Is It All About The Data Scientist?

Mona Patel
Mona Patel is a Senior Manager for Big Data Marketing at EMC Corporation. With over 15 years of working with data at The Department of Water and Power, Air Touch Communications, Oracle, and MicroStrategy, Mona decided to grow her career at EMC, a leader in Big Data.

The answer is no. It is a holistic, team effort that involves expanding the mind and skill set of executives, business users, IT implementers, data scientists, and application developers to all work collectively to define a strategy and derive newer insight from big data.

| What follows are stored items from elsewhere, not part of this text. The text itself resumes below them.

(* Let $L\ge1$, $\sigma_1,\dots,\sigma_L\in\mathfrak S_{2k}$, $\varepsilon_1,\dots,\varepsilon_L\in\{1,*\}$, let $T=T^{\varepsilon_1,\dots,\varepsilon_L}_{\sigma_1,\dots,\sigma_L}$ be the strip hypergraph and let $\pi$ be any partition of its vertex set $V$. Then $q(\pi,0)\le0$ and the sequence $(q(\pi,\ell))_{\ell=0,\dots,L}$ is non-increasing. In particular $-k-k|\bar E^\pi|+|V^\pi|=q(\pi,L)\le0$, where $(V^\pi,\bar E^\pi)$ is the skeleton of $T^\pi$.
   Context: Fix $k\ge1$; $\mathfrak S_{2k}$ is the symmetric group on $\{1,\dots,2k\}$. A $*$-test hypergraph $(V,E,\sigma,\varepsilon)$ consists of a finite vertex set $V$, a finite multiset $E$ of hyperedges $e=(v_1,\dots,v_{2k})\in V^{2k}$ (the first $k$ entries are the inputs, the last $k$ the outputs), and labels $\sigma(e)\in\mathfrak S_{2k}$, $\varepsilon(e)\in\{1,*\}$. Strip hypergraph $T=T^{\varepsilon_1,\dots,\varepsilon_L}_{\sigma_1,\dots,\sigma_L}$: $V=\{(i,\ell):i\in[k],\ell\in[L]\}$, hyperedges $e_\ell=((1,\ell+1),\dots,(k,\ell+1),(1,\ell),\dots,(k,\ell))$ for $\ell\in[L]$ (each with multiplicity one), with the convention $(i,L+1)=(i,1)$, labels $\sigma(e_\ell)=\sigma_\ell$, $\varepsilon(e_\ell)=\varepsilon_\ell$. For $0\le\ell\le L-1$, $S_\ell$ is the hypergraph with vertex set $V_\ell=\{(i,j):i\in[k],j\in[\ell+1]\}$ and hyperedges $e_1,\dots,e_\ell$; $S_L=T$. A partition $\pi$ of $V$ induces (by restriction) a partition of each $V_\ell$ and thus a quotient $S_\ell^\pi$: its vertices are the blocks of the restricted partition, and each hyperedge $(v_1,\dots,v_{2k})$ becomes $(B_1,\dots,B_{2k})$ with $v_s\in B_s$. The skeleton of a quotient with vertex set $V^\pi_\ell$ and hyperedges $E^\pi_\ell$ is the pair $(V^\pi_\ell,\bar E^\pi_\ell)$, where $\bar E^\pi_\ell$ is the set (without multiplicity) of the underlying vertex sets $\{B_1,\dots,B_{2k}\}$ of the hyperedges $(B_1,\dots,B_{2k})\in E^\pi_\ell$. Define $q(\pi,\ell)=-k-k|\bar E^\pi_\ell|+|V^\pi_\ell|$ for $\ell=0,\dots,L$. *)

From HB Require Import structures.
From mathcomp Require Import all_boot all_order all_algebra all_fingroup.
Set Implicit Arguments. Unset Strict Implicit. Unset Printing Implicit Defensive.
Import GRing.Theory Num.Theory.

(* A *-test hypergraph with vertices in a finite type V: a vertex set and a
   (multi)list of hyperedges; a hyperedge is a map 'I_(k+k) -> V (first k
   entries inputs, last k outputs) with labels sigma in 'S_(k+k) and
   epsilon : bool  (true stands for "*", false for "1"). *)
Record thyp (V : finType) (k : nat) := THyp {
  hverts : {set V};
  hedges : seq ({ffun 'I_(k + k) -> V} * ('S_(k + k) * bool)) }.

Definition restrict (V : finType) (P : {set {set V}}) (A : {set V})
  : {set {set V}} := [set B :&: A | B in P] :\ set0.

Definition skel_verts V k (H : thyp V k) (P : {set {set V}}) :=
  restrict P (hverts H).

Definition skel_edges V k (H : thyp V k) (P : {set {set V}})
  : {set {set {set V}}} :=
  [set [set pblock (skel_verts H P) (e.1 s) | s : 'I_(k + k)]
     | e : {ffun 'I_(k + k) -> V} * ('S_(k + k) * bool) in hedges H].

Definition qval V k (H : thyp V k) (P : {set {set V}}) : int :=
  (- (k%:Z) - (k * #|skel_edges H P|)%N%:Z + (#|skel_verts H P|)%:Z)%R.

(* Strip hypergraph, 0-indexed: vertex (i,l) : ('I_k * 'I_L)%type stands for (i+1,l+1).
   Hyperedge e_(j+1) (j : 'I_L) is ((i, j+1 mod L))_i followed by ((i, j))_i. *)
Definition strip_edge k L (j : 'I_L) : {ffun 'I_(k + k) -> ('I_k * 'I_L)%type} :=
  [ffun s => match split s with
             | inl i => (i, ordS j)
             | inr i => (i, j)
             end].

(* S_l: vertices (i,j) with j in [l+1] (1-indexed), hyperedges e_1..e_l;
   for l >= L-1 the vertex set is all of V, and S_L = T. *)
Definition strip_S k L (sigma : 'I_L -> 'S_(k + k)) (eps : 'I_L -> bool)
  (l : nat) : thyp (('I_k * 'I_L)%type) k :=
  THyp [set v : ('I_k * 'I_L)%type | (v.2 : nat) <= l]
       [seq (strip_edge k j, (sigma j, eps j)) | j <- [seq j <- enum 'I_L | (val j < l)%N]].

Definition q k L sigma eps (P : {set {set ('I_k * 'I_L)%type}}) (l : nat) : int :=
  qval (@strip_S k L sigma eps l) P.

From mathcomp Require Import all_boot all_order all_algebra all_fingroup zify.
Import GRing.Theory Num.Theory.
Set Implicit Arguments. Unset Strict Implicit. Unset Printing Implicit Defensive.

(* For a partition P of the vertex type and a hypergraph H whose
   hyperedges only use vertices of H, the quotient H^P can be described with
   the blocks of P itself instead of the blocks of the restricted partition:
   |V^P| is the number of P-blocks meeting the vertex set, and |bar E^P| is the
   number of distinct sets {pblock P v | v in e} for hyperedges e
   ([qval_blocks]).  In the strip, passing from S_l to S_(l+1) adds the k
   vertices of the next layer (hence at most k new blocks) and one hyperedge
   e_(l+1), which contains that whole layer.  If some new block appears, the
   block set of e_(l+1) contains it and so differs from those of e_1..e_l,
   i.e. |bar E^P| grows by one, compensating the (at most k) new vertices;
   otherwise |V^P| does not grow at all ([strip_step]).  Finally S_0 has a
   single layer and no hyperedge, so q(P,0) <= -k + k = 0 ([q_strip_base]),
   and q(P,L) <= q(P,0) by monotonicity. *)

Lemma imset_in_inj (aT rT : finType) (f : aT -> rT) (D X Y : {set aT}) :
  {in D &, injective f} -> X \subset D -> Y \subset D -> f @: X = f @: Y -> X = Y.
Proof.
move=> injf sXD sYD fXY.
suff sub (X1 Y1 : {set aT}) : X1 \subset D -> Y1 \subset D ->
    f @: X1 = f @: Y1 -> X1 \subset Y1.
  by apply/eqP; rewrite eqEsubset (sub X Y) // (sub Y X).
move=> sX1 sY1 fXY1; apply/subsetP => x xX1.
have /imsetP[y yY1 fxy] : f x \in f @: Y1 by rewrite -fXY1 imset_f.
by rewrite (injf x y (subsetP sX1 x xX1) (subsetP sY1 y yY1) fxy).
Qed.

Section PartitionBlocks.
Variables (V : finType) (P : {set {set V}}).
Hypothesis partP : partition P [set: V].

Let coverP (x : V) : x \in cover P.
Proof. by case/and3P: partP => /eqP -> _ _; rewrite inE. Qed.

Let trivP : trivIset P.
Proof. by case/and3P: partP. Qed.

Lemma restrictE (A : {set V}) : restrict P A = [set pblock P x :&: A | x in A].
Proof.
apply/setP=> C; apply/idP/imsetP.
- rewrite !inE => /andP[/set0Pn[x] + /imsetP[B BP CE]].
  rewrite CE inE => /andP[xB xA]; exists x => //.
  by rewrite (def_pblock trivP BP xB).
- case=> x xA ->; rewrite !inE; apply/andP; split.
    by apply/set0Pn; exists x; rewrite inE mem_pblock coverP xA.
  by apply: imset_f; exact: pblock_mem.
Qed.

Lemma trivIset_restrict (A : {set V}) : trivIset (restrict P A).
Proof.
apply/trivIsetP => C1 C2; rewrite restrictE.
case/imsetP=> x1 _ -> /imsetP[x2 _ ->] neC.
have neB : pblock P x1 != pblock P x2 by apply: contraNneq neC => ->.
have := trivIsetP trivP _ _ (pblock_mem (coverP x1)) (pblock_mem (coverP x2)) neB.
move=> disB; apply: (disjointWl (subsetIl _ A)).
by rewrite disjoint_sym; apply: (disjointWl (subsetIl _ A)); rewrite disjoint_sym.
Qed.

Lemma pblock_restrict (A : {set V}) (x : V) :
  x \in A -> pblock (restrict P A) x = pblock P x :&: A.
Proof.
move=> xA; apply: def_pblock; first exact: trivIset_restrict.
  by rewrite restrictE; apply: imset_f.
by rewrite inE mem_pblock coverP xA.
Qed.

Lemma trace_inj (A : {set V}) :
  {in pblock P @: A &, injective (fun B : {set V} => B :&: A)}.
Proof.
move=> B1 B2 /imsetP[x1 x1A ->] /imsetP[x2 x2A ->] /= traceE.
have : x1 \in pblock P x2 :&: A by rewrite -traceE inE mem_pblock coverP x1A.
by rewrite inE => /andP[/(def_pblock trivP (pblock_mem (coverP x2))) ->].
Qed.

Lemma card_restrict (A : {set V}) : #|restrict P A| = #|pblock P @: A|.
Proof. by rewrite restrictE -(card_in_imset (@trace_inj A)) -imset_comp. Qed.

Variable k : nat.
Local Notation edge := ({ffun 'I_(k + k) -> V} * ('S_(k + k) * bool))%type.

Definition edge_blocks (H : thyp V k) : {set {set {set V}}} :=
  [set [set pblock P (e.1 s) | s : 'I_(k + k)] | e : edge in hedges H].

Definition edges_in_verts (H : thyp V k) : Prop :=
  forall e : edge, e \in hedges H -> forall s, e.1 s \in hverts H.

Lemma card_skel_edges (H : thyp V k) :
  edges_in_verts H -> #|skel_edges H P| = #|edge_blocks H|.
Proof.
move=> Hin; set A := hverts H.
have -> : skel_edges H P = [set [set B :&: A | B in X] | X : {set {set V}} in edge_blocks H].
  rewrite /skel_edges /edge_blocks -imset_comp; apply: eq_in_imset => e eH /=.
  by rewrite -imset_comp; apply: eq_imset => s /=; rewrite pblock_restrict ?Hin.
apply: card_in_imset => X Y /imsetP[e1 e1H ->] /imsetP[e2 e2H ->].
by apply: (imset_in_inj (@trace_inj A)); apply/subsetP => _ /imsetP[s _ ->];
  rewrite imset_f ?Hin.
Qed.

Lemma qval_blocks (H : thyp V k) : edges_in_verts H ->
  qval H P = (- k%:Z - (k * #|edge_blocks H|)%N%:Z + #|pblock P @: hverts H|%:Z)%R.
Proof.
by move=> Hin; rewrite /qval card_skel_edges // /skel_verts card_restrict.
Qed.

End PartitionBlocks.

Section Strip.
Variables (k L : nat) (sigma : 'I_L -> 'S_(k + k)) (eps : 'I_L -> bool).
Variable P : {set {set ('I_k * 'I_L)%type}}.
Hypothesis partP : partition P [set: ('I_k * 'I_L)%type].

Local Notation vertex := ('I_k * 'I_L)%type.

Definition layers_upto (l : nat) : {set vertex} := [set v : vertex | (v.2 <= l)%N].

Definition layer (j : 'I_L) : {set vertex} := [set (i, j) | i : 'I_k].

Definition first_edges (l : nat) : {set 'I_L} := [set j : 'I_L | (j < l)%N].

Definition strip_blocks (j : 'I_L) : {set {set vertex}} :=
  [set pblock P (strip_edge k j s) | s : 'I_(k + k)].

Lemma strip_edge_in (l : nat) (j : 'I_L) (s : 'I_(k + k)) :
  (j < l)%N -> strip_edge k j s \in layers_upto l.
Proof.
move=> jl; rewrite ffunE inE; case: split => i /=; last exact: ltnW.
exact: leq_trans (leq_mod _ _) jl.
Qed.

Lemma layer_sub_strip_edge (j : 'I_L) :
  layer (ordS j) \subset [set strip_edge k j s | s : 'I_(k + k)].
Proof.
apply/subsetP => _ /imsetP[i _ ->]; apply/imsetP; exists (lshift k i) => //.
by rewrite ffunE (unsplitK (inl i)).
Qed.

Lemma strip_edges_in_verts (l : nat) : edges_in_verts (strip_S sigma eps l).
Proof.
move=> e /mapP[j + ->] s /=; rewrite mem_filter => /andP[jl _].
exact: strip_edge_in.
Qed.

Lemma edge_blocks_strip (l : nat) :
  edge_blocks P (strip_S sigma eps l) = strip_blocks @: first_edges l.
Proof.
apply/setP => Z; apply/imsetP/imsetP.
- case=> e /mapP[j + ->] ->; rewrite mem_filter => /andP[jl _].
  by exists j; rewrite ?inE.
- case=> j; rewrite inE => jl ->; exists (strip_edge k j, (sigma j, eps j)) => //.
  by apply/mapP; exists j; rewrite // mem_filter mem_enum jl.
Qed.

Lemma q_strip (l : nat) : q sigma eps P l =
  (- k%:Z - (k * #|strip_blocks @: first_edges l|)%N%:Z
     + #|pblock P @: layers_upto l|%:Z)%R.
Proof.
by rewrite /q qval_blocks ?edge_blocks_strip //; exact: strip_edges_in_verts.
Qed.

Lemma card_layer_blocks (j : 'I_L) : (#|pblock P @: layer j| <= k)%N.
Proof.
rewrite -[k in (_ <= k)%N]card_ord.
exact: leq_trans (leq_imset_card _ _) (leq_imset_card _ _).
Qed.

Section Step.
Variables (l : nat) (hl : (l < L)%N).
Let j := Ordinal hl.

Lemma first_edges_succ : first_edges l.+1 = j |: first_edges l.
Proof. by apply/setP => i; rewrite !inE ltnS leq_eqVlt -val_eqE. Qed.

(* Every block met by S_(l+1) is met by S_l or by the layer ordS j, which is
   the layer l+1 when l+1 < L (for l+1 = L there is nothing new). *)
Lemma layers_upto_succ :
  pblock P @: layers_upto l.+1 \subset
  pblock P @: layers_upto l :|: pblock P @: layer (ordS j).
Proof.
apply/subsetP => B /imsetP[[i j'] + ->]; rewrite !inE /= => j'l.
case: (leqP j' l) => [j'le | j'gt]; first by rewrite imset_f ?inE.
rewrite orbC imset_f //; apply/imsetP; exists i => //; congr (_, _).
have j'E : val j' = l.+1 by apply/eqP; rewrite eqn_leq j'l j'gt.
by apply: val_inj; rewrite /= modn_small -j'E ?ltn_ord.
Qed.

Lemma strip_blocks_new (B : {set vertex}) :
  B \in pblock P @: layer (ordS j) -> B \notin pblock P @: layers_upto l ->
  strip_blocks j \notin strip_blocks @: first_edges l.
Proof.
move=> Bnew Bold; apply/imsetP => -[j']; rewrite inE => j'l eqBlocks.
have : B \in strip_blocks j'.
  rewrite -eqBlocks; case/imsetP: Bnew => v vlayer ->.
  case/imsetP: (subsetP (layer_sub_strip_edge j) v vlayer) => s _ ->.
  by apply/imsetP; exists s.
by case/imsetP => s _ BE; rewrite BE imset_f ?strip_edge_in in Bold.
Qed.

(* The key inequality: k |bar E(S_l^P)| + |V(S_(l+1)^P)| is bounded by
   k |bar E(S_(l+1)^P)| + |V(S_l^P)|, i.e. q(P,l+1) <= q(P,l). *)
Lemma strip_step :
  (k * #|strip_blocks @: first_edges l| + #|pblock P @: layers_upto l.+1| <=
   k * #|strip_blocks @: first_edges l.+1| + #|pblock P @: layers_upto l|)%N.
Proof.
set Dl := pblock P @: layers_upto l.
set N := pblock P @: layer (ordS j) :\: Dl.
have cardD : (#|pblock P @: layers_upto l.+1| <= #|Dl| + #|N|)%N.
  apply: leq_trans (leq_card_setU Dl N).
  apply/subset_leq_card; apply: subset_trans layers_upto_succ _.
  by rewrite /N setDE setUIr setUCr setIT.
have cardN : (#|N| <= k)%N.
  exact: leq_trans (subset_leq_card (subsetDl _ _)) (card_layer_blocks _).
rewrite first_edges_succ imsetU1.
have [N0 | [B BN]] := set_0Vmem N.
  rewrite N0 cards0 addn0 in cardD; apply: leq_add cardD.
  by rewrite leq_mul2l subset_leq_card ?subsetUr ?orbT.
move: BN; rewrite inE => /andP[Bold Bnew].
rewrite cardsU1 (strip_blocks_new Bnew Bold) mulnDr muln1.
rewrite [k + _]addnC -addnA leq_add2l (leq_trans cardD) //.
by rewrite addnC leq_add2r.
Qed.

End Step.

(* S_0 consists of the single layer 0 and no hyperedge. *)
Lemma q_strip_base : (0 < L)%N -> (q sigma eps P 0 <= 0)%R.
Proof.
move=> L0; rewrite q_strip.
have -> : first_edges 0 = set0 by apply/setP => i; rewrite !inE.
have : (#|pblock P @: layers_upto 0| <= k)%N.
  apply: leq_trans (card_layer_blocks (Ordinal L0)); apply/subset_leq_card/imsetS.
  apply/subsetP => -[i j]; rewrite inE leqn0 => /eqP j0; apply/imsetP.
  by exists i => //; congr (_, _); apply: val_inj.
rewrite imset0 cards0 muln0; lia.
Qed.

End Strip.

Unset Implicit Arguments.
Import Order.TTheory.
Local Open Scope ring_scope.

Theorem mainTheorem16 (k L : nat) (hk : (0 < k)%N) (hL : (0 < L)%N)
  (sigma : 'I_L -> 'S_(k + k)) (eps : 'I_L -> bool)
  (P : {set {set ('I_k * 'I_L)%type}}) (hP : partition P [set: ('I_k * 'I_L)%type]) :
  q sigma eps P 0 <= 0 /\
  (forall l : nat, (l < L)%N -> q sigma eps P l.+1 <= q sigma eps P l) /\
  q sigma eps P L <= 0.
Proof.
have q0 := q_strip_base sigma eps hP hL.
have q_step l : (l < L)%N -> q sigma eps P l.+1 <= q sigma eps P l.
  by move=> hl; rewrite !(q_strip sigma eps hP); have := strip_step P hl; lia.
do 2![split=> //].
suff q_le_q0 l : (l <= L)%N -> q sigma eps P l <= q sigma eps P 0.
  exact: le_trans (q_le_q0 L (leqnn L)) q0.
by elim: l => [//|l IH] hl; apply: le_trans (q_step l hl) (IH (ltnW hl)).
Qed.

And that is why EMC is so heavily focused on breaking down organizational silos and training professionals to become data scientists or at least think like data scientists, transforming these individuals into data savvy professionals working towards the same goal – competitive advantage.

I spoke to Louis Frolio, Advisory Technical Ed Consultant for EMC Big Data Solutions, how as part of a team in EMC Education Services is creating a massive professional transformation through a MOOC – Massive Open Online Course. Data Lakes for Big Data MOOC gives you an opportunity to become a data savvy professional and take on a big data or data science role in your organization at absolutely no cost.

The course kicked off May 11, but you still have plenty of time to enroll and complete the course to earn a certificate before June 8. The top 500 students (based on cumulative grade for the MOOC) will receive an electronic copy of the Data Science book just released by EMC Education Services.

1.  What is a MOOC and what is the goal of this education format? Why was it used for this course?

Over the past several years, a new trend in Education Delivery has slowly gained traction. “Classroom Flipping”, aka MOOC (Massive Open Online Course), involves delivering courses to very large numbers of students (upwards of 40,000), all at once via the internet. The term “flipping” is used because the students consume the lectures and materials at their leisure and use the MOOC platform to do homework, assignments, and interact with other students and instructors – The opposite of a traditional classroom experience.

In a MOOC, instructors develop the curriculum but do not teach it live. The educational material can be video, interactive eLearnings, literature, plus much more. The content is delivered asynchronously, meaning the students can consume the material at their convenience. What makes a MOOC so great is that it provides a place for students to engage and learn from each other.

My role as an instructor in the “Data Lakes for Big Data” MOOC is to engage students in the forums, answer questions, and foster collaboration between the students. The Emerging Technology Education group within EMC Education Services chose a MOOC for its “Data Lake for Big Data” course because it fits into a blended learning model approach to technical education and training.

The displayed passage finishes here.